Earlier in the trial, prosecutors established how the company’s chief financial officer, Allen Weisselberg, reduced his taxable salary by diverting it to a high-end corporate apartment, luxury cars for him and wife (who wasn’t even a real employee), and tuition for his grandkids at an expensive private school. Prosecutors laid out how Weisselberg’s son, Barry, also received these kinds of perks. And they showed how the company controller, Jeffrey S. McConney, was in on it.
Bender prepared taxes for the Weisselbergs and the Trumps—including company executives Don Jr., Ivanka, Eric. He was technically a witness for the Trump Organization, claiming incredulously that he had reviewed all the books but somehow had no idea executives were doing this for years. But prosecutors tore that down as the sunset’s orange glow began to fill the courtroom.
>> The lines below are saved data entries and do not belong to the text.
Lemma weighted_sum_affine (I : finType) (u f : I -> R) s t :
  \sum_i u i = 1 -> \sum_i u i * (s * f i + t) = s * \sum_i u i * f i + t.
Proof.
move=> sum_u1; rewrite mulr_sumr -[t in RHS]mul1r -sum_u1 mulr_suml -big_split /=.
by apply: eq_bigr => i _; ring.
Qed.

Section ExpectedSpannerSize.
Variables (V : finType) (e : rel V) (ID : V -> nat) (r : nat) (q : R).
Hypotheses (e_sym : symmetric e) (q_gt0 : 0 < q) (q_le1 : q <= 1).
Local Notation D := {ffun V -> 'I_r.+1}.
Local Notation Pr := (weight (fun j : 'I_r.+1 => geomcap (1 - q) r j)).
Local Notation shifts dl := (fun v => nat_of_ord (dl v)).
Local Notation charged_ind dl x c := ((charged e ID r (shifts dl) x c)%:R : R).
Local Notation center_ind dl x c := ((center e ID r (shifts dl) x == c)%:R : R).

Lemma sum_weight_geomcap : \sum_(dl : D) Pr dl = 1.
Proof. by rewrite sum_weight big1 // => v _; apply: sum_geomcap. Qed.

Lemma weight_geomcap_ge0 (dl : D) : 0 <= Pr dl.
Proof. by apply: prodr_ge0 => v _; apply: geomcap_ge0. Qed.

Lemma weight_shift_bound c (a b : pred D) :
  (forall dl (j j' : 'I_r.+1), a (ffupd dl c j) -> (j < j')%nat -> b (ffupd dl c j')) ->
  \sum_dl Pr dl * (a dl)%:R <= q^-1 * \sum_dl Pr dl * (b dl)%:R + q ^+ r.
Proof.
move=> ab; rewrite -weighted_sum_affine ?sum_weight_geomcap //.
apply: (@ler_sum_weight _ _ _ (fun j : 'I_r.+1 => geomcap_ge0 r q_gt0 q_le1 j) c) => dl.
rewrite weighted_sum_affine ?sum_geomcap //.
by apply: geomcap_shift_bound => // j j'; apply: ab.
Qed.

Lemma expected_charged x c :
  \sum_dl Pr dl * charged_ind dl x c <= q^-1 * \sum_dl Pr dl * center_ind dl x c + q ^+ r.
Proof.
apply: (@weight_shift_bound c) => dl j j' chj ltj.
apply/eqP/(charged_center_raise e_sym _ _ chj) => [v vc|].
  by rewrite !ffunE (negbTE vc).
by rewrite !ffupd_at ltj -ltnS ltn_ord.
Qed.

Lemma expected_card_spanner :
  \sum_dl Pr dl * #|spanner e ID r (shifts dl)|%:R <=
  #|V|%:R * (1 + q^-1 + #|V|%:R * q ^+ r).
Proof.
set n := #|V|.
have card_le (dl : D) :
    #|spanner e ID r (shifts dl)|%:R <= n%:R + \sum_x \sum_c charged_ind dl x c.
  rewrite -(eq_bigr _ (fun x _ => natr_sum _ _ _ _)) -natr_sum -natrD ler_nat.
  exact: card_spanner.
apply: le_trans (_ : \sum_dl Pr dl * (n%:R + \sum_x \sum_c charged_ind dl x c) <= _).
  by apply: ler_sum => dl _; exact: (ler_wpM2l (weight_geomcap_ge0 dl) (card_le dl)).
have -> : \sum_dl Pr dl * (n%:R + \sum_x \sum_c charged_ind dl x c) =
          n%:R + \sum_x \sum_c \sum_dl Pr dl * charged_ind dl x c.
  under eq_bigr do rewrite mulrDr mulr_sumr.
  under eq_bigr do under eq_bigr do rewrite mulr_sumr.
  rewrite big_split /= -mulr_suml sum_weight_geomcap mul1r exchange_big /=.
  by congr (_ + _); apply: eq_bigr => x _; rewrite exchange_big.
apply: le_trans (_ : _ <= n%:R + \sum_x \sum_c
    (q^-1 * \sum_dl Pr dl * center_ind dl x c + q ^+ r)) _.
  by rewrite lerD2l; do 2 (apply: ler_sum => ? _); apply: expected_charged.
have cluster_once x : \sum_c \sum_(dl : D) Pr dl * center_ind dl x c = 1.
  rewrite exchange_big -[RHS]sum_weight_geomcap; apply: eq_bigr => dl _.
  rewrite (bigD1 (center e ID r (shifts dl) x)) //= eqxx mulr1 big1 ?addr0 // => c.
  by rewrite eq_sym => /negbTE ->; rewrite mulr0.
rewrite le_eqVlt; apply/orP; left; apply/eqP.
under eq_bigr => x _ do rewrite big_split /= -mulr_sumr cluster_once.
by rewrite !sumr_const -/n; ring.
Qed.

End ExpectedSpannerSize.

Lemma Rpower_0l y : Rpower 0 y = 1.
Proof.
by rewrite /Rpower /ln; case: Rlt_dec => [/Rlt_irrefl|_] //; rewrite Rmult_0_r exp_0.
Qed.

Lemma Rpower_root (x : R) (k : nat) : 1 <= x ->
  let a := Rpower x (INR k.+1)^-1 in 1 <= a /\ x = a ^+ k.+1.
Proof.
move=> /RleP x_ge1 a; have x_gt0 : Rlt 0 x by apply: Rlt_le_trans Rlt_0_1 x_ge1.
have k_gt0 : Rlt 0 (INR k.+1) by apply/RltP; rewrite INRE ltr0Sn.
split.
  apply/RleP; have := Rle_Rpower x 0 (INR k.+1)^-1 x_ge1.
  by rewrite Rpower_O //; apply; apply/Rlt_le/Rinv_0_lt_compat.
rewrite -RpowE -Rpower_pow; last exact: exp_pos.
by rewrite Rpower_mult Rinv_l ?Rpower_1 //; apply: Rgt_not_eq.
Qed.
(* There exists a unique algebra homomorphism $\widetilde\natural:\mathcal H_q\to\mathfrak{W}_q$ sending $A\mapsto K_2^{-1}$, $B\mapsto \widetilde\Delta(\Lambda)=(q-q^{-1})^2(E_1+K_1^{-1}E_2)(F_1K_2+F_2)+q^{-1}K_1K_2+qK_1^{-1}K_2^{-1}$, and $C\mapsto IK_1^{-1}-q(q-q^{-1})^2E_1F_2K_2^{-1}$. Moreover $\widetilde\natural(\alpha)=\Lambda_2+\Lambda_1K_1^{-1}K_2^{-1}$, $\widetilde\natural(\beta)=IK_1^{-1}K_2^{-1}$ and $\widetilde\natural(\gamma)=\Lambda_1+\Lambda_2K_1^{-1}K_2^{-1}$.
   Context: Throughout, $q$ is a nonzero complex number that is not a root of unity; $[x,y]=xy-yx$ and $[x,y]_q=qxy-q^{-1}yx$. $\mathfrak{W}_q$ is the algebra over $\mathbb C$ generated by $E_1,E_2,F_1,F_2,K_1^{\pm1},K_2^{\pm1},I^{\pm1}$ subject to: $I$ is central; $II^{-1}=I^{-1}I=1$, $K_1K_1^{-1}=K_1^{-1}K_1=1$, $K_2K_2^{-1}=K_2^{-1}K_2=1$; $[K_1,E_2]=[K_1,F_2]=[K_1,K_2]=[K_2,E_1]=[K_2,F_1]=0$; $[E_1,K_1]_q=[K_1,F_1]_q=[E_2,K_2]_q=[K_2,F_2]_q=0$; $[E_1,E_2]=[E_1,F_2]=[F_1,E_2]=[F_1,F_2]=0$; $[E_1,F_1]=\frac{K_1-IK_1^{-1}}{q-q^{-1}}$; $[E_2,F_2]=\frac{IK_2-K_2^{-1}}{q-q^{-1}}$. $\Lambda_1=(q-q^{-1})^2E_1F_1+q^{-1}K_1+qIK_1^{-1}$, $\Lambda_2=(q-q^{-1})^2E_2F_2+q^{-1}IK_2+qK_2^{-1}$. The universal $q$-Hahn algebra $\mathcal H_q$ is the algebra over $\mathbb C$ generated by $A,B,C$ subject to the relations that each of $\frac{[B,C]_q}{q^2-q^{-2}}+A$, $[C,A]_q$, $\frac{[A,B]_q}{q^2-q^{-2}}+C$ commutes with $A,B,C$. Its central elements $\alpha,\beta,\gamma$ are $\alpha=\frac{[B,C]_q}{q-q^{-1}}+(q+q^{-1})A$, $\beta=\frac{[C,A]_q}{q-q^{-1}}$, $\gamma=\frac{[A,B]_q}{q-q^{-1}}+(q+q^{-1})C$. *)

From HB Require Import structures.
From mathcomp Require Import all_boot all_algebra.
From mathcomp Require Import Rstruct complex.
Set Implicit Arguments. Unset Strict Implicit. Unset Printing Implicit Defensive.
Import GRing.Theory.
Local Open Scope ring_scope.

Definition Cplx : numClosedFieldType := Rdefinitions.R[i].

Definition not_root_of_unity (q : Cplx) : Prop :=
  q != 0 /\ forall n : nat, (0 < n)%N -> q ^+ n != 1.

Section Brackets.
Variable A : algType Cplx.
Definition comm (x y : A) : A := x * y - y * x.
Definition qcomm (q : Cplx) (x y : A) : A := q *: (x * y) - q^-1 *: (y * x).
End Brackets.

(* A choice of the 10 generators E1,E2,F1,F2,K1,K1^{-1},K2,K2^{-1},I,I^{-1}
   (the inverses are separate generators, as in the presentation). *)
Record Wgens (A : algType Cplx) := mkWgens {
  wE1 : A; wE2 : A; wF1 : A; wF2 : A;
  wK1 : A; wK1i : A; wK2 : A; wK2i : A; wI : A; wIi : A }.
Susan Hoffinger, Manhattan DA's chief of investigations, asked what he would have done had he known about the executive compensation scheme sooner. Unlike the Trump Organization employees who testified before him, this accountant wasn’t going down with the ship.
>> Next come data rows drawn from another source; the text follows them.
Lemma Rdiv_le_cross x y x' y' : 0 < y -> 0 < y' -> x * y' <= x' * y -> x / y <= x' / y'.
Proof.
  intros Hy Hy' H.
  replace (x / y) with (x * y' * / (y * y')) by (field; lra).
  replace (x' / y') with (x' * y * / (y * y')) by (field; lra).
  apply Rmult_le_compat_r; [apply Rlt_le, Rinv_0_lt_compat, Rmult_lt_0_compat |]; assumption.
Qed.

Lemma div_affine_le a k s t : 0 < a -> 0 <= k -> 0 <= s <= t ->
  s / (a + k * s) <= t / (a + k * t).
Proof. intros; apply Rdiv_le_cross; nra. Qed.

Lemma cube_am_gm s : 0 <= s -> 27 * s <= 4 * (1 + s) ^ 3.
Proof.
  intros Hs.
  assert (4 * (1 + s) ^ 3 - 27 * s = (2 * s - 1) ^ 2 * (s + 4)) by ring.
  assert (0 <= (2 * s - 1) ^ 2 * (s + 4)) by (apply Rmult_le_pos; [apply pow2_ge_0 | lra]).
  lra.
Qed.

Lemma pow_div_pow_add2_le m k s t : (2 <= m)%nat -> 0 <= k -> 0 <= s <= t -> k * t <= 1 ->
  s ^ m / (1 + k * s) ^ (m + 2) <= t ^ m / (1 + k * t) ^ (m + 2).
Proof.
  intros Hm Hk Hst Hkt.
  assert (lin : s * (1 + k * t) <= t * (1 + k * s)) by nra.
  assert (quad : s * (1 + k * t) ^ 2 <= t * (1 + k * s) ^ 2).
  { assert (t * (1 + k * s) ^ 2 - s * (1 + k * t) ^ 2 = (t - s) * (1 - k * s * (k * t))) by ring.
    assert (0 <= k * s <= k * t) by (split; [apply Rmult_le_pos | apply Rmult_le_compat_l]; lra).
    assert (k * s * (k * t) <= 1) by nra.
    nra. }
  apply Rdiv_le_cross; [apply pow_lt; nra.. |].
  replace m with (m - 2 + 2)%nat by lia.
  replace (m - 2 + 2 + 2)%nat with (m - 2 + 4)%nat by lia.
  assert (split : forall p q, p ^ (m - 2 + 2) * q ^ (m - 2 + 4) = (p * q) ^ (m - 2) * (p * q ^ 2) ^ 2).
  { intros p q. rewrite !pow_add, !Rpow_mult_distr. ring. }
  rewrite !split.
  assert (0 <= k * t) by (apply Rmult_le_pos; lra).
  assert (0 <= s * (1 + k * t)) by (apply Rmult_le_pos; lra).
  assert (0 <= s * (1 + k * t) ^ 2) by (apply Rmult_le_pos; [lra | apply pow2_ge_0]).
  apply Rmult_le_compat; try apply pow_le; try apply pow_incr; auto.
Qed.

Lemma psi_num_div_den_le b c v w : 0 <= b -> 0 <= v <= c -> 0 <= w <= c ->
  (1 + v + v * w) / (1 + b + b * v) <= (1 + c + c ^ 2) / (1 + b + b * c).
Proof.
  intros Hb Hv Hw.
  apply Rdiv_le_cross; try nra.
  assert ((1 + v * (1 + c)) * (1 + b + b * c) - (1 + c + c ^ 2) * (1 + b + b * v)
          = (v - c) * (1 + c + b * c)) by ring.
  assert ((v - c) * (1 + c + b * c) <= 0) by (apply Rmult_le_0_r; nra).
  assert (v * w <= v * c) by (apply Rmult_le_compat_l; lra).
  assert (0 <= 1 + b + b * c) by nra.
  nra.
Qed.

Lemma psi_num_sq_div_le c v w : 0 <= v <= c -> 0 <= w <= c ->
  (1 + v + v * w) ^ 2 / (1 + v) <= (1 + c + c ^ 2) ^ 2 / (1 + c).
Proof.
  intros Hv Hw.
  apply Rdiv_le_cross; try lra.
  assert (HN : 0 <= 1 + v + v * w <= 1 + (1 + c) * v) by nra.
  assert ((1 + c + c ^ 2) ^ 2 * (1 + v) - (1 + (1 + c) * v) ^ 2 * (1 + c)
          = (c - v) * ((1 + c) ^ 3 * v + 1 + 2 * c + (1 + c) ^ 2 * c)) by ring.
  assert (0 <= (c - v) * ((1 + c) ^ 3 * v + 1 + 2 * c + (1 + c) ^ 2 * c)) by (apply Rmult_le_pos; nra).
  assert ((1 + v + v * w) ^ 2 <= (1 + (1 + c) * v) ^ 2) by (apply pow_incr; lra).
  nra.
Qed.
Lemma weight3_universal : weight f <= 3 -> (f u : nat) != 0 -> universal v.
Proof.
move=> w3 fu w wv; case: (eqVneq w u) => [-> // | wu].
have small x : x != v -> x != u -> (f u : nat) + f x <= 1.
  by move=> xv xu; have := weight_ge_triple xv xu; lia.
case/qtrdfP: qf => /(_ w) Q0 _.
have [|x wx fx] := Q0; first by have := small w wv wu; lia.
case: (eqVneq x v) => [xv | xv]; first by rewrite e_sym -xv.
case: (eqVneq x u) => [xu | xu]; last by have := small x xv xu; lia.
by have := small w wv wu; rewrite -xu fx; lia.
Qed.

Lemma weight4_pair_two : weight f <= 4 -> (f u : nat) = 2 -> forall w, e w v || e w u.
Proof.
move=> w4 fu w; case: (eqVneq w v) => [-> | wv]; first by rewrite vu orbT.
case: (eqVneq w u) => [-> | wu]; first by rewrite e_sym vu.
have zero x : x != v -> x != u -> (f x : nat) = 0.
  by move=> xv xu; have := weight_ge_triple xv xu; lia.
case/qtrdfP: qf => /(_ w (zero w wv wu)) [x wx fx] _.
case: (eqVneq x v) => [<- | xv]; first by rewrite wx.
case: (eqVneq x u) => [<- | xu]; first by rewrite wx orbT.
by rewrite zero in fx.
Qed.

Lemma weight4_pair_one :
  1 < #|T| -> (forall x, ~ universal x) -> weight f <= 4 -> (f u : nat) = 1 ->
  exists a b, forall w, e w a || e w b.
Proof.
move=> n_gt1 nU w4 fu; case/qtrdfP: qf => Q0 _.
(* [v] is the only vertex labelled 2, so every vertex but a non-neighbour [u']
   of [v] is adjacent to [v]; a neighbour of [u'] completes the pair. *)
have [u' u'v vu'] : exists2 u', u' != v & ~~ e v u'.
  case: (boolP [exists x, (x != v) && ~~ e v x]) => [/existsP[x /andP[]] | /existsPn all].
    by exists x.
  by case: (nU v) => x xv; have := all x; rewrite xv negbK.
have le1 x : x != v -> (f x : nat) <= 1.
  move=> xv; case: (eqVneq x u) => [-> | xu]; first by rewrite fu.
  by have := weight_ge_triple xv xu; lia.
have zero_adj x : (f x : nat) = 0 -> e x v.
  case/Q0=> y xy fy; case: (eqVneq y v) => [<- // | yv].
  by have := le1 y yv; rewrite fy.
have fu' : (f u' : nat) != 0 by apply: contraNneq vu' => /zero_adj; rewrite e_sym.
have u'u : u' != u by apply: contraNneq vu' => ->.
have adj_v w : w != v -> w != u' -> e w v.
  move=> wv wu'; case: (eqVneq w u) => [-> | wu]; first by rewrite e_sym.
  apply: zero_adj; have := weight_ge_seq f (s := [:: v; u; u'; w]).
  rewrite /= !inE !negb_or eq_sym uv eq_sym u'v eq_sym wv eq_sym u'u eq_sym wu eq_sym wu'.
  by rewrite !big_cons big_nil fv fu => /(_ isT); lia.
have [x u'x] := exists_neighbor u' n_gt1.
have xv : x != v by apply: contraNneq vu' => <-; rewrite e_sym.
have xu' : x != u' by rewrite eq_sym adj_neq.
exists v, x => w; case: (eqVneq w v) => [-> | wv]; first by rewrite e_irr /= e_sym adj_v.
case: (eqVneq w u') => [-> | wu']; first by rewrite u'x orbT.
by rewrite adj_v.
Qed.

End TwoLabelledVertex.

Lemma qtR_number_eq3 : 2 < #|T| -> qtR_number e = 3 <-> exists v, universal v.
Proof.
move=> n_gt2; split=> [q3 | [v U]].
  have [f qf wf] := qtR_number_attained; rewrite q3 in wf.
  case: (boolP [exists v, (f v : nat) == 2]) => [/existsP[v /eqP fv] | /existsPn no2].
    case/qtrdfP: (qf) => _ /(_ v fv)[u vu fu].
    by exists v; apply: weight3_universal qf fv vu _ fu; rewrite -wf.
  have n3 : #|T| = 3 by rewrite -(qtrdf_weight_no_two qf) // -wf.
  have /card_gt0P[x0 _] : 0 < #|T| by rewrite n3.
  have deg2 : forall v, degree e v <= 2 by apply/qtR_number_eq_card; rewrite q3 n3.
  have [s [us ws] sn] := hamiltonian_walk deg2 x0 (ltnW (ltnW n_gt2)).
  exists (nth x0 s 1) => w; have [k + ->] := uniq_full_nth x0 w us sn.
  rewrite n3; case: k => [|[|[|//]]] _; rewrite ?eqxx // => _.
    by rewrite e_sym ws ?sn ?n3.
  by rewrite ws ?sn ?n3.
have dv : degree e v = #|T| - 1 by apply/degree_universal.
have /qtR_number_le_degree : 0 < degree e v by rewrite dv subn_gt0 ltnW.
by rewrite dv => le3; apply/eqP; rewrite eqn_leq qtR_number_ge3 // andbT; lia.
Qed.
“I would’ve called Jeff McConney and said, ‘What’s going on?’” he testified.
“I would have probably been very concerned,” he said.
“We would have had serious conversations about continuing with the client,” he added.
The global accounting company where Bender maintains his practice, Mazars USA, did just that earlier this year, when it decided to ditch the Trump Organization—and disavow any of its financial statements.
Decisive steps will be taken in each of these cases in the coming weeks. The Manhattan jury will come back from its Thanksgiving holiday break and soon start deliberating over whether the Trump Organization broke the law and dodged taxes. The New York AG will start sharing evidence with the Trump Organization, potentially revealing to the Trumps whose testimony exposed the company’s financial mischief. And Carroll’s lawyers will push to initiate a trial.
On top of it all, these cases are playing out as Trump faces a new and very real threat of criminal indictment from the DOJ’s special counsel, Jack Smith, who was appointed last Friday by Attorney General Merrick Garland to look into Trump’s mishandling of classified materials, his attempts to obstruct that investigation, and the former president’s attempts to remain in power after he lost the 2020 election.
The words Trump lawyer Alina Habba uttered at the start of the day could be repeated by Trump’s legal team in every courtroom from here on out.
“My client shouldn’t be in this position. We shouldn’t be in this court—and yet we are.”